爱可可AI前沿推介(12.14)
LG - 机器学习 CV - 计算机视觉 CL - 计算与语言 AS - 音频与语音 RO - 机器人 GR - 图形学
摘要:具身推理的语言模型协同、与完全训练网络具有可比性能的未训练GNN子网络的发现、图神经网络可学习可交换幺半群、拓展器图传播、大型语言模型查询语言、多视重建神经隐曲面快速学习、基于扩散的3D数字化身塑形生成模型、扩散潜空间中的语义控制、掩码生成式视频Transformer
1、[LG] Collaborating with language models for embodied reasoning
I Dasgupta, C Kaeser-Chen, K Marino, A Ahuja…
[DeepMind]
具身推理的语言模型协同
要点:
1. 提出Planner-Actor-Reporter系统,用预训练语言模型来完成复杂且模糊的具身推理任务;
2. 在网格世界中取得了成功,并证明Actor可以通过强化学习进行训练。
摘要:
在复杂和模糊的具身环境中进行推理,是强化学习(RL)智能体的关键目标。虽然一些复杂的强化学习智能体可以成功解决困难任务,但需要大量的训练数据,并且通常难以泛化到新的未知环境和新任务。另一方面,大规模语言模型(LSLM)表现出强大的推理能力和通过上下文学习适应新任务的能力。然而,LSLM 本身并不具备询问或干预环境的能力。本文研究了如何将这些互补的能力结合到一个由三部分组成的系统中:Planner,Actor 和 Reporter。Planner 是一种预训练的语言模型,可以向简单的实体智能体(Actor)发出命令,而 Reporter 与 Planner 通信以通知其下一个命令。本文提出一组需要推理的任务,测试该系统泛化零样本和调查失败案例的能力,并演示如何通过强化学习训练该系统的组件以提高性能。
Reasoning in a complex and ambiguous embodied environment is a key goal for Reinforcement Learning (RL) agents. While some sophisticated RL agents can successfully solve difficult tasks, they require a large amount of training data and often struggle to generalize to new unseen environments and new tasks.

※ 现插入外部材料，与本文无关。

Local Open Scope ring_scope.
Definition optimal (s : nat -> R) : Prop :=
  feasible s /\ forall s', feasible s' -> (Bcost s <= Bcost s')%N.

Fixpoint block_start (A' : pred nat) (i : nat) : R :=
  match i with
  | 0 => 0
  | j.+1 => if j == 0%N then 0
            else block_start A' j +
                 (if is_crit j && ~~ A' (blk j) then (a (blk j))%:R else 0)
  end.

End NTP.

From HB Require Import structures.
From mathcomp Require Import all_boot all_order all_algebra.
From mathcomp Require Import reals.
From mathcomp Require Import zify lra.
Import Order.TTheory GRing.Theory Num.Theory.

(* Call block k of a feasible schedule s delayed when s_(i_k + a_k) - s_(i_k) >= a_k.
   Start times are nondecreasing and s_M + r_M <= H = 2 sum_j a_j - W, so the
   delayed blocks weigh at most sum_j a_j - W.  In a block that is not delayed,
   all a_k stable employees finish strictly before i_k, so B(s) is at least the
   weight of the blocks that are not delayed.  The block schedule delaying
   exactly a set D of weight at most sum_j a_j - W is feasible and has no other
   inversions, so taking for D a heaviest such set (a knapsack optimum) yields
   an optimal schedule. *)

Lemma leq_sum_map_inj (I J : eqType) (r : seq I) (r' : seq J) (P : pred I)
    (f : I -> J) (F : J -> nat) :
  uniq r -> uniq r' -> {in r &, injective f} ->
  (forall i, i \in r -> P i -> f i \in r') ->
  \sum_(i <- r | P i) F (f i) <= \sum_(j <- r') F j.
Proof.
move=> ur ur' finj fr'; rewrite -big_filter -(big_map f xpredT).
apply: (@uniq_sub_le_big _ addn _ leqnn (fun x y => leq_addr y x)) => //.
  rewrite map_inj_in_uniq ?filter_uniq // => x y.
  by rewrite !mem_filter => /andP[_ xr] /andP[_ yr]; apply: finj.
by move=> j /mapP[i]; rewrite mem_filter => /andP[Pi ri] ->; apply: fr'.
Qed.

Lemma leq_sum_support (I : eqType) (r s : seq I) (F : I -> nat) :
  uniq r -> uniq s -> (forall i, i \in r -> i \notin s -> F i = 0) ->
  \sum_(i <- r) F i <= \sum_(i <- s) F i.
Proof.
move=> ur us F0; rewrite (bigID (fun i => i \notin s)) /= big1_seq ?add0n; last first.
  by move=> i /andP[ns ir]; apply: F0.
rewrite -big_filter.
apply: (@uniq_sub_le_big _ addn _ leqnn (fun x y => leq_addr y x)) => //.
  exact: filter_uniq.
by move=> i; rewrite mem_filter negbK => /andP[].
Qed.

Lemma sum_ltn_le m n c : \sum_(m <= j < n) (j < c) <= minn n c - m.
Proof.
elim: n => [|n IH]; first by rewrite big_geq.
case: (ltnP n m) => [nm|mn]; first by rewrite big_geq.
by rewrite big_nat_recr //=; case: (ltnP n c) => /= nc; lia.
Qed.

Lemma sum_predC (I : Type) (r : seq I) (P : pred I) (F : I -> nat) :
  \sum_(i <- r | ~~ P i) F i = \sum_(i <- r) F i - \sum_(i <- r | P i) F i.
Proof. by rewrite [X in X - _](bigID P) /= addKn. Qed.

Lemma exists_max_subset_sum n (F : nat -> nat) C :
  exists D : pred nat, \sum_(1 <= k < n.+1 | D k) F k <= C /\
    forall q : pred nat, \sum_(1 <= k < n.+1 | q k) F k <= C ->
      \sum_(1 <= k < n.+1 | q k) F k <= \sum_(1 <= k < n.+1 | D k) F k.
Proof.
pose weight (f : {ffun 'I_n.+1 -> bool}) := \sum_(1 <= k < n.+1 | f (inord k)) F k.
have fits0 : weight [ffun => false] <= C.
  by rewrite /weight big_pred0 // => k; rewrite ffunE.
have [f fits maxf] := @arg_maxnP _ _ (fun f => weight f <= C) weight fits0.
exists (fun k => f (inord k)); split => // q hq.
have wq : \sum_(1 <= k < n.+1 | q k) F k = weight [ffun i : 'I_n.+1 => q (val i)].
  by apply: congr_big_nat => // k /andP[_ kn]; rewrite ffunE /= inordK.
by rewrite wq; apply: maxf; rewrite -wq.
Qed.

Section Blocks.
Variables (N : nat) (a : nat -> nat).

Lemma psum0 : psum a 0 = 0.
Proof. by rewrite /psum big_geq. Qed.

Lemma psumS k : psum a k.+1 = psum a k + a k.+1.
Proof. by rewrite /psum big_nat_recr. Qed.

Lemma psum_pred k : 0 < k -> psum a k = psum a k.-1 + a k.
Proof. by case: k => // k _; rewrite psumS. Qed.

Lemma leq_psum m n : m <= n -> psum a m <= psum a n.
Proof.
move=> /subnKC <-; elim: (n - m) => [|d IH]; first by rewrite addn0.
by rewrite addnS psumS (leq_trans IH) // leq_addr.
Qed.

Lemma crit1 : crit a 1 = 1.
Proof. by rewrite /crit /= psum0. Qed.

Lemma critS k : 0 < k -> crit a k.+1 = crit a k + a k + 1.
Proof. by case: k => // k _; rewrite /crit /= psumS; lia. Qed.

Lemma crit_last : crit a N.+1 = M N a.
Proof. by rewrite /crit /M /sumA /=; lia. Qed.

Lemma ltn_crit [k k'] : k < k' -> crit a k < crit a k'.
Proof. by move=> lt; have := leq_psum (k.-1) (k'.-1) ltac:(lia); rewrite /crit; lia. Qed.

Lemma leq_crit [k k'] : k <= k' -> crit a k <= crit a k'.
Proof. by rewrite leq_eqVlt => /predU1P[-> // | /ltn_crit /ltnW]. Qed.

Lemma leq_id_crit k : k <= crit a k.
Proof. exact: leq_addr. Qed.

Lemma leq_crit_last [k] : k <= N -> crit a k.+1 <= M N a.
Proof. by move=> kN; rewrite -crit_last leq_crit. Qed.

Lemma crit_inj : injective (crit a).
Proof. by move=> k k' e; case: (ltngtP k k') => // /ltn_crit; rewrite e ltnn. Qed.

Lemma exists_block i : 1 <= i < M N a ->
  exists k, 1 <= k <= N /\ crit a k <= i < crit a k.+1.
Proof.
rewrite -crit_last; elim: N => [|n IH] hi; first by rewrite crit1 in hi; lia.
case: (ltnP i (crit a n.+1)) => h.
- by have [k [hk hik]] := IH ltac:(lia); exists k; split => //; lia.
- by exists n.+1; split => //; lia.
Qed.

Section InBlock.
Variables (k i : nat).
Hypotheses (hk : 1 <= k <= N) (hi : crit a k <= i < crit a k.+1).

Lemma is_crit_block : is_crit N a i = (i == crit a k).
Proof.
apply/hasP/eqP => [[k' /[!mem_iota] hk' /eqP ik'] | ->]; last first.
  by exists k; rewrite ?mem_iota; lia.
rewrite -ik'; congr crit; case: (ltngtP k' k) => // h.
- by have := ltn_crit h; lia.
- by have := leq_crit h; lia.
Qed.

Lemma blk_block : blk N a i = k.
Proof.
apply/eqP; rewrite eqn_leq; apply/andP; split.
- apply/bigmax_leqP_seq => k'; rewrite mem_index_iota => hk' hc.
  by case: (leqP k' k) => // h; have := leq_crit h; lia.
- by apply: (@leq_bigmax_seq _ _ _ id); rewrite ?mem_index_iota; lia.
Qed.

Lemma resp_block : resp N a i = if i == crit a k then psum a k else psum a k.-1.
Proof.
have iM : (i == M N a) = false.
  by apply/negbTE; rewrite -crit_last; have := @leq_crit k.+1 N.+1 ltac:(lia); lia.
by rewrite /resp iM is_crit_block blk_block.
Qed.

On the other hand, Large Scale Language Models (LSLMs) have exhibited strong reasoning ability and the ability to to adapt to new tasks through in-context learning. However, LSLMs do not inherently have the ability to interrogate or intervene on the environment. In this work, we investigate how to combine these complementary abilities in a single system consisting of three parts: a Planner, an Actor, and a Reporter. The Planner is a pre-trained language model that can issue commands to a simple embodied agent (the Actor), while the Reporter communicates with the Planner to inform its next command. We present a set of tasks that require reasoning, test this system's ability to generalize zero-shot and investigate failure cases, and demonstrate how components of this system can be trained with reinforcement-learning to improve performance.
https://openreview.net/forum?id=YoS-abmWjJc
2、[LG] You Can Have Better Graph Neural Networks by Not Training Weights at All: Finding Untrained GNNs Tickets
T Huang, T Chen, M Fang, V Menkovski…
[Eindhoven University of Technology & University of Texas at Austin]
与完全训练网络具有可比性能的未训练GNN子网络的发现
要点:
1.进行发现匹配未训练GNN的探索。
2.发现稀疏性是在发现与完全训练网络具有可比性能的未训练子网络的强大工具。
3.分布外检测和输入扰动鲁棒性性能均有所改善。
摘要:
最近的工作令人印象深刻地证明,在随机初始化的卷积神经网络(CNN)中存在一个子网络,可以在初始化时与完全训练的稠密网络的性能相匹配,而无需对网络权重进行任何优化(即未训练的网络)。然而,图神经网络(GNN)中此类未经训练的子网络的存在仍然是个谜。本文进行了发现匹配未训练 GNN 的首次探索。以稀疏性为核心工具,可以在初始化时找到未经训练的稀疏子网络,可与完全训练的稠密 GNN 的性能相匹配。除了这个已经令人鼓舞的可比性能发现之外,本文还表明,发现的未经训练的子网络可以大大减轻 GNN 过度平滑问题,因此成为一个强大的工具,可以在没有额外技巧的情况下实现更深层的GNN。本文还观察到这种稀疏的未经训练的子网络在分布外检测和输入扰动的鲁棒性方面具有吸引人的性能。在包括开放图基准 (OGB) 在内的各种流行数据集上评估了其在广泛使用的 GNN 架构中的方法。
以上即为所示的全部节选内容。